There was no bitterness in his tone, only irony, humour, and a peculiar tenderness. The writer spoke of returning to Punjabi through his YouTube vlogs after years of writing in English. He said he was driven not by nostalgia but necessity — a way to breathe again.

When he turned to teaching, he said, it was exhausting but also the only way to stay porous, to keep language alive through others.

If the first session was about a return, the second began with a departure.

Reading from her new novel, *A Splintering*, Dur-e Aziz Amna opened with a line that could have belonged to either writer: “So let my story begin with rage.” Her protagonist leaves the village for the city, trading mud for marble, faith for aspiration. The rain that falls on her first night in Karachi sounds, she says, like thunder, like the nuclear tests on television.

The conversation that followed traced the novel’s moral topography: class as aspiration, education as ticket and trap, gender as a multiplying rather than reflecting mirror.

Tara’s hunger for self-advancement, Amna noted, was admirable and frightening in equal measure. When does ambition become transgression? When does survival begin to look like betrayal?

These questions, too, refused to stay contained in fiction. They spoke to a middle class perpetually anxious about slipping: too cautious to risk falling, too constrained to truly rise.

“The middle,” she said, “is where you learn how much you can lose.”

Listening to her felt less like attending a literary discussion and more like being handed a mirror — one that showed how our social preoccupations quietly govern our moral choices.

Placed side by side, both sessions seemed to be in conversation with one another.
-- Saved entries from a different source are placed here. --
Lemma acomp_wincl_inj (X : wob C) (M : {set widx X}) (Z : aob A)
    (g : ahom Z (Fob T (wrho M))) :
  acomp (Fmor T (wincl L M)) g = 0 -> g = 0.
Proof.
move=> ig0; rewrite -[g]acomp1l -Fmor_id -(wcomp_wincl_wretr L M).
by rewrite Fmor_comp acompA ig0 acomp0r.
Qed.

Lemma in_cr_wincl_onto (X : wob C) (M : {set widx X}) (Z : aob A)
    (h : ahom Z (Fob T X)) :
  in_cr T M h -> exists g : ahom Z (Fob T (wrho M)),
    in_cr T [set: widx (wrho M)] g /\ acomp (Fmor T (wincl L M)) g = h.
Proof.
move=> crh; exists (acomp (Fmor T (wretr L M)) h); split.
  by have [] := in_cr_Fmor (wretr L M) crh; rewrite pimage_wretr.
by rewrite -acompA -Fmor_comp; have := proj1 (in_crP _ _) crh M; rewrite subxx.
Qed.

Definition cr_proj (X : wob C) (M : {set widx X}) : ahom (Fob T X) (Fob T X) :=
  \sum_(U : {set widx X} | U \subset M) signed (odd #|M :\: U|) (Td U).

Lemma in_cr_proj (X : wob C) (M : {set widx X}) : in_cr T M (cr_proj M).
Proof.
apply/in_crP => V; rewrite /cr_proj acomp_sumr.
under eq_bigr do rewrite acomp_signedr acomp_Td.
case: ifP => [MV|/negbT /subsetPn [a aM aV]].
  by apply: eq_bigr => U UM; rewrite (setIidPl (subset_trans UM MV)).
apply: sum_signed_toggle_eq0 aM _ => W; congr (Td _).
by apply/setP => x; rewrite !inE; case: eqP => // ->; rewrite (negPf aV) !andbF.
Qed.

Lemma cr_proj_in_cr (X : wob C) (M N : {set widx X}) (Z : aob A)
    (g : ahom Z (Fob T X)) :
  in_cr T N g -> acomp (cr_proj M) g = if N == M then g else 0.
Proof.
move=> /in_crP crg; rewrite /cr_proj acomp_suml.
under eq_bigr do rewrite acomp_signedl crg.
have [<-|NM] := eqVneq N M.
  rewrite (bigD1 N) //= subxx setDv cards0 big1 ?addr0 // => U /andP [UN nUN].
  by rewrite ifF ?signed0 //; apply: contraNF nUN => NU; rewrite eqEsubset UN NU.
have [NsM|/subsetPn [a aN aM]] := boolP (N \subset M); last first.
  rewrite big1 // => U UM; rewrite ifF ?signed0 //.
  by apply: contraNF aM => /subsetP/(_ a aN); apply: (subsetP UM).
have /subsetPn [a aM aN] : ~~ (M \subset N) by rewrite eqEsubset NsM in NM.
apply: sum_signed_toggle_eq0 aM _ => W.
congr (if _ then _ else _).
by rewrite -[LHS]andbT -aN -subsetD1 setDUl setDv set0U.
Qed.

Lemma sum_cr_proj (X : wob C) : \sum_(M : {set widx X}) cr_proj M = aid (Fob T X).
Proof.
rewrite /cr_proj (exchange_big_dep xpredT) //= (bigD1 setT) //=.
rewrite (eq_bigl (pred1 setT)) => [|M]; last by rewrite subTset.
rewrite big_pred1_eq setDv cards0 Td_setT big1 ?addr0 // => U UT.
have /subsetPn [a _ aU] : ~~ (setT \subset U) by rewrite subTset.
rewrite (reindex_inj (@setC_inj _)) /=.
rewrite (eq_bigl (fun W : {set widx X} => W \subset ~: U)) => [|W]; last by rewrite subsetC.
under eq_bigr do rewrite setDE setIC -setDE.
by apply: (@sum_signed_toggle_eq0 _ _ _ a); rewrite ?inE.
Qed.

Lemma in_cr_sum_eq0 (X : wob C) (Z : aob A) (g : {set widx X} -> ahom Z (Fob T X)) :
  (forall M, in_cr T M (g M)) -> \sum_(M : {set widx X}) g M = 0 ->
  forall M, g M = 0.
Proof.
move=> crg sum0 M; have := congr1 (acomp (cr_proj M)) sum0.
rewrite acomp_sumr acomp0r (bigD1 M) //= (cr_proj_in_cr _ (crg M)) eqxx.
by rewrite big1 ?addr0 // => N NM; rewrite (cr_proj_in_cr _ (crg N)) (negPf NM).
Qed.

End CrossEffects.

Theorem mainTheorem3 (L : PSubcat) (C : Cat) (A : AbCat) (T : WFunctor C L A)
  (HT0 : aid (Fob T (wempty C)) = 0) :
  (forall (X Y : wob C) (phi : wmor L X Y) (M : {set widx X})
          (Z : aob A) (g : ahom Z (Fob T X)),
     in_cr T M g ->
     in_cr T (pimage (wf phi) M) (acomp (Fmor T phi) g) /\
     (~~ (M \subset pdom (wf phi)) -> acomp (Fmor T phi) g = 0))
  /\
  (forall (X : wob C) (M : {set widx X}),
     (forall (Z : aob A) (g : ahom Z (Fob T (wrho M))),
        in_cr T [set: widx (wrho M)] g ->
        in_cr T M (acomp (Fmor T (wincl L M)) g))
     /\ (forall (Z : aob A) (g : ahom Z (Fob T (wrho M))),
        in_cr T [set: widx (wrho M)] g ->
        acomp (Fmor T (wincl L M)) g = 0 -> g = 0)
     /\ (forall (Z : aob A) (h : ahom Z (Fob T X)),
        in_cr T M h ->
        exists g : ahom Z (Fob T (wrho M)),
          in_cr T [set: widx (wrho M)] g /\ acomp (Fmor T (wincl L M)) g = h))
  /\
  (forall X : wob C,
     (exists p : {set widx X} -> ahom (Fob T X) (Fob T X),
        (forall M, in_cr T M (p M)) /\
        \sum_(M : {set widx X}) p M = aid (Fob T X))
     /\ (forall (Z : aob A) (g : {set widx X} -> ahom Z (Fob T X)),
        (forall M, in_cr T M (g M)) ->
        \sum_(M : {set widx X}) g M = 0 -> forall M, g M = 0)).
Proof.
split; first exact: in_cr_Fmor.
split=> [X M|X].
  split; first exact: in_cr_wincl.
  by split=> [Z g _|]; [exact: acomp_wincl_inj | exact: in_cr_wincl_onto].
split; last exact: in_cr_sum_eq0.
by exists (@cr_proj _ _ _ T X); split; [exact: in_cr_proj | exact: sum_cr_proj].
Qed.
One writer returned to his mother tongue; the other wrote in English but refused to over-explain Pakistan to outsiders.

Both resisted the colonial habit of simplification. Both understood that to write from here is to inhabit contradiction: to long for a wider audience and yet distrust its gaze; to carry one’s native language like a hidden rhythm beneath every English sentence.
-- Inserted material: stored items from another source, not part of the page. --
End IntegralIndependence.

Section Transport.
Variables (A B : finType) (sigma : B -> option A) (f : signed A -> signed B).
(* [f] acts on vectors as the coordinate map [v |-> v \o sigma], extended by 0
   where [sigma] is undefined; such a map is Z-linear. *)
Hypothesis svec_f : forall X b, svec (f X) b = oapp (svec X) 0%R (sigma b).
Implicit Types (S : {set signed A}) (v : A -> int).

Lemma in_Zspan_imset S v :
  in_Zspan S v -> in_Zspan (f @: S) (fun b => oapp v 0%R (sigma b)).
Proof.
move=> [c span]; exists (fun Z => \sum_(Y in S | f Y == Z) c Y)%R => b.
transitivity (\sum_(Y in S) c Y * svec (f Y) b)%R.
  under eq_bigr do rewrite svec_f.
  by case: (sigma b) => [a|] /=; rewrite ?span // big1 // => Y _; rewrite mulr0.
rewrite (partition_big f (mem (f @: S))) => [|Y]; last exact: imset_f.
apply: eq_bigr => Z _; rewrite mulr_suml.
by apply: eq_bigr => Y /andP[_ /eqP ->].
Qed.

Lemma int_indep_of_imset S :
  {in S &, injective f} -> int_indep (f @: S) -> int_indep S.
Proof.
move=> f_inj indep_fS X XS /in_Zspan_imset span.
apply: (indep_fS (f X) (imset_f f XS)).
have -> : svec (f X) = (fun b => oapp (svec X) 0%R (sigma b)).
  by apply/funext => b; exact: svec_f.
apply: in_Zspan_subset span; apply/subsetP => _ /imsetP[Y /setD1P[YX YS] ->].
by rewrite !inE imset_f // andbT; apply: contra_neq YX; apply: f_inj.
Qed.

Lemma int_indep_imset_can (g : signed B -> signed A) (S : {set signed B}) :
  {in S, cancel g f} -> int_indep S -> int_indep (g @: S).
Proof.
move=> gK indepS; apply: int_indep_of_imset.
  by move=> _ _ /imsetP[Y YS ->] /imsetP[Z ZS ->]; rewrite !gK // => ->.
by rewrite -imset_comp (eq_in_imset gK) imset_id.
Qed.

Lemma int_indep_preimset (S : {set signed B}) :
  injective f -> int_indep S -> int_indep (f @^-1: S).
Proof.
move=> f_inj indepS; apply: int_indep_of_imset; first exact: in2W.
by apply: int_indep_subset indepS; apply/subsetP => _ /imsetP[X XS ->]; rewrite inE in XS.
Qed.

Lemma lattice_rank_lift (M : OM A) (N : OM B) :
  (forall Z, Z \in circuits N -> exists2 X, X \in circuits M & Z = f X) ->
  lattice_rank N <= lattice_rank M.
Proof.
move=> lift; apply: lattice_rank_leq => S sSN indepS.
pose g Z := odflt (set0, set0) [pick X in circuits M | f X == Z].
have gP Z : Z \in S -> g Z \in circuits M /\ f (g Z) = Z.
  move=> /(subsetP sSN) /lift [X XM ->]; rewrite /g.
  case: pickP => [Y /andP[YM /eqP] // | /(_ X)]; by rewrite XM eqxx.
have gK : {in S, cancel g f} by move=> Z /gP[].
rewrite -(card_in_imset (can_in_inj gK)); apply: leq_lattice_rank.
  by apply/subsetP => _ /imsetP[Z /gP[gZM _] ->].
exact: int_indep_imset_can gK indepS.
Qed.

End Transport.

Section Minors.
Variable T : finType.
Implicit Types (M N : OM T) (X Y Z W : signed T) (I : {set T}).

Record signed_clutter M : Prop := SignedClutter {
  circuit_sub_ground : forall X, X \in circuits M -> supp X \subset ground M;
  circuit_disjoint : forall X, X \in circuits M -> [disjoint X.1 & X.2];
  circuit_supp_neq0 : forall X, X \in circuits M -> supp X != set0;
  circuit_supp_min : forall X Y, X \in circuits M -> Y \in circuits M ->
    supp X \subset supp Y -> supp X = supp Y }.

Lemma is_OM_clutter M : is_OM M -> signed_clutter M.
Proof.
move=> [axC [_ [axI _]]]; split; try by move=> X /axC[].
by move=> X Y XM YM /(axI X Y XM YM) [] ->; rewrite // /supp /= setUC.
Qed.

Definition ssetD1 X e : signed T := (X.1 :\ e, X.2 :\ e).

Lemma supp_ssetD1 X e : supp (ssetD1 X e) = supp X :\ e.
Proof. by rewrite /supp setDUl. Qed.

Lemma svec_ssetD1 X e x :
  svec (ssetD1 X e) x = oapp (svec X) 0%R (if x == e then None else Some x).
Proof. by rewrite /svec !inE; case: eqP. Qed.

Lemma ssetD1_id X e : e \notin supp X -> ssetD1 X e = X.
Proof.
rewrite inE negb_or => /andP[e1 e2].
case: X e1 e2 => X1 X2 /= e1 e2.
by congr pair; apply/setDidPl; rewrite disjoint_sym disjoints1.
Qed.

Lemma mem_contract M e Z :
  (Z \in circuits (om_contract M e)) =
  [&& Z \in [set ssetD1 X e | X in circuits M], supp Z != set0 &
   [forall W in [set ssetD1 X e | X in circuits M],
      ~~ ((supp W != set0) && (supp W \proper supp Z))]].
Proof. by rewrite inE. Qed.

Lemma clutter_delete M e : signed_clutter M -> signed_clutter (om_delete M e).
Proof.
case=> sub_ground disj suppN0 supp_min; split => /= [X|X|X|X Y]; rewrite ?in_set.
- case/andP=> XM eX; apply/subsetP => x xX.
  rewrite in_setD1 (subsetP (sub_ground X XM)) // andbT.
  by apply: contraNneq eX => <-; rewrite -in_setU.
- by case/andP=> /disj.
- by case/andP=> /suppN0.
- by case/andP=> XM _ /andP[YM _]; apply: supp_min.
Qed.

Lemma clutter_contract M e : signed_clutter M -> signed_clutter (om_contract M e).
Proof.
case=> sub_ground disj _ _; split => [Z|Z|Z|Z Z']; rewrite ?mem_contract.
- case/and3P=> /imsetP[X XM ->] _ _; rewrite supp_ssetD1; exact: setSD (sub_ground X XM).
- case/and3P=> /imsetP[X XM ->] _ _.
  exact: disjointWl (subD1set _ _) (disjointWr (subD1set _ _) (disj X XM)).
- by case/and3P.
- case/and3P=> ZR ZN0 _ /and3P[_ _ /forall_inP Z'min] sZZ'.
  apply/eqP; rewrite eqEsubset sZZ' /=.
  by have := Z'min Z ZR; rewrite ZN0 properE sZZ' /= negbK.
Qed.

Lemma contract_circuit_sub M e X :
  X \in circuits M -> supp X :\ e != set0 ->
  exists2 W, W \in circuits (om_contract M e) & supp W \subset supp X :\ e.
Proof.
move=> XM XeN0; pose R := [set ssetD1 Y e | Y in circuits M].
pose P W := [&& W \in R, supp W != set0 & supp W \subset supp X :\ e].
have PX : P (ssetD1 X e) by rewrite /P /R (imset_f (ssetD1^~ e)) //= supp_ssetD1 XeN0 subxx.
case: (arg_minnP (fun W => #|supp W|) PX) => W /and3P[WR WN0 sWX] Wmin.
exists W => //; rewrite mem_contract WR WN0 /=.
apply/forall_inP => W' W'R; apply/negP => /andP[W'N0 ltW'W].
have := Wmin W'; rewrite /P W'R W'N0 (subset_trans (proper_sub ltW'W) sWX).
by move/(_ isT); rewrite leqNgt proper_card.
Qed.

Section OneElement.
Variables (M : OM T) (e : T).
Hypothesis clM : signed_clutter M.

Lemma om_delete_notin : e \notin ground M -> om_delete M e = M.
Proof.
move=> eNM; rewrite /om_delete (setDidPl _); last by rewrite disjoint_sym disjoints1.
have -> : [set X in circuits M | e \notin supp X] = circuits M.
  apply/setP => X; rewrite in_set andb_idr // => XM.
  by apply: contra eNM; apply: subsetP; apply: circuit_sub_ground XM.
by clear clM eNM; case: M.
Qed.

Lemma rho_delete : (rho (om_delete M e) <= rho M)%R.
Proof.
have [eM | eNM] := boolP (e \in ground M); last by rewrite om_delete_notin.
set D := om_delete M e.
have sub_groundD I : om_indep D I -> I \subset ground M.
  by case/andP=> sID _; apply: subset_trans sID (subD1set _ _).
have eNI I : om_indep D I -> e \notin I.
  by case/andP=> /subsetP sID _; apply/negP => /sID; rewrite setD11.
apply: (rho_le_step eM) => //.
have [/exists_inP[C CM eC] | /exists_inPn noC] :=
    boolP [exists C in circuits M, e \in supp C].
  have [S [sSD iS] <-] := lattice_rank_witness D.
  have avoid Y : Y \in S -> e \notin supp Y.
    by move/(subsetP sSD); rewrite in_set => /andP[].
  have CS : C \notin S by apply: contraL eC => /avoid.
  rewrite -addSn leq_add //.
    have indepCS := int_indep_setU1 iS avoid (circuit_disjoint clM CM) eC.
    apply: leq_trans (leq_lattice_rank _ indepCS); first by rewrite cardsU1 CS.
    rewrite subUset sub1set CM; apply: subset_trans sSD _.
    by apply/subsetP => X; rewrite in_set => /andP[].
  apply: om_rank_le => I iDI; apply: (om_indep_of_circuits _ _ iDI).
    exact: sub_groundD.
  move=> X XM sXI; exists X => //; rewrite in_set XM /=.
  by apply: contra (eNI I iDI); apply: subsetP.
have circD : circuits D = circuits M.
  by apply/setP => X; rewrite in_set andb_idr //; apply: noC.
rewrite -addnS leq_add //; first by rewrite /lattice_rank circD.
apply: (om_rank_lt (e := e)); first exact: circuit_supp_neq0 (clutter_delete e clM).
  by rewrite /= !inE eqxx.
move=> I iDI; apply: (om_indep_of_circuits _ _ iDI).
  by rewrite subUset sub1set eM sub_groundD.
move=> X XM sX; exists X; first by rewrite circD.
apply/subsetP => x xX; move: (subsetP sX x xX); rewrite in_setU1 => /predU1P[xe|//].
by move: (noC X XM); rewrite -xe xX.
Qed.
If Hanif found refuge in humour, Amna sought clarity in anger. One built bridges through translation; the other tore them down to expose what translation conceals.

Their concerns converged on education, mobility, and the fragility of self-expression in a country still divided by language.

What emerged was a portrait of the writer not as oracle but as witness — one who records the everyday negotiations between privilege and belonging.

Both spoke, too, of teaching: of younger writers afraid to be funny, afraid to sound local.

Their advice was the same, though phrased differently: to write as one truly is, not as one thinks a writer should sound.

I had to leave early. Outside, Lahore was already shifting into a haze; people were queuing up for chips, for samosas; a group of students was singing Nusrat Fateh Ali Khan with a guitar.

Had I left with a better understanding than when I entered? Is that the job of a novelist: to have their readers understand?

Perhaps not; perhaps the novelist’s task is not to make things understood but to let them be said in whatever language allows them to exist.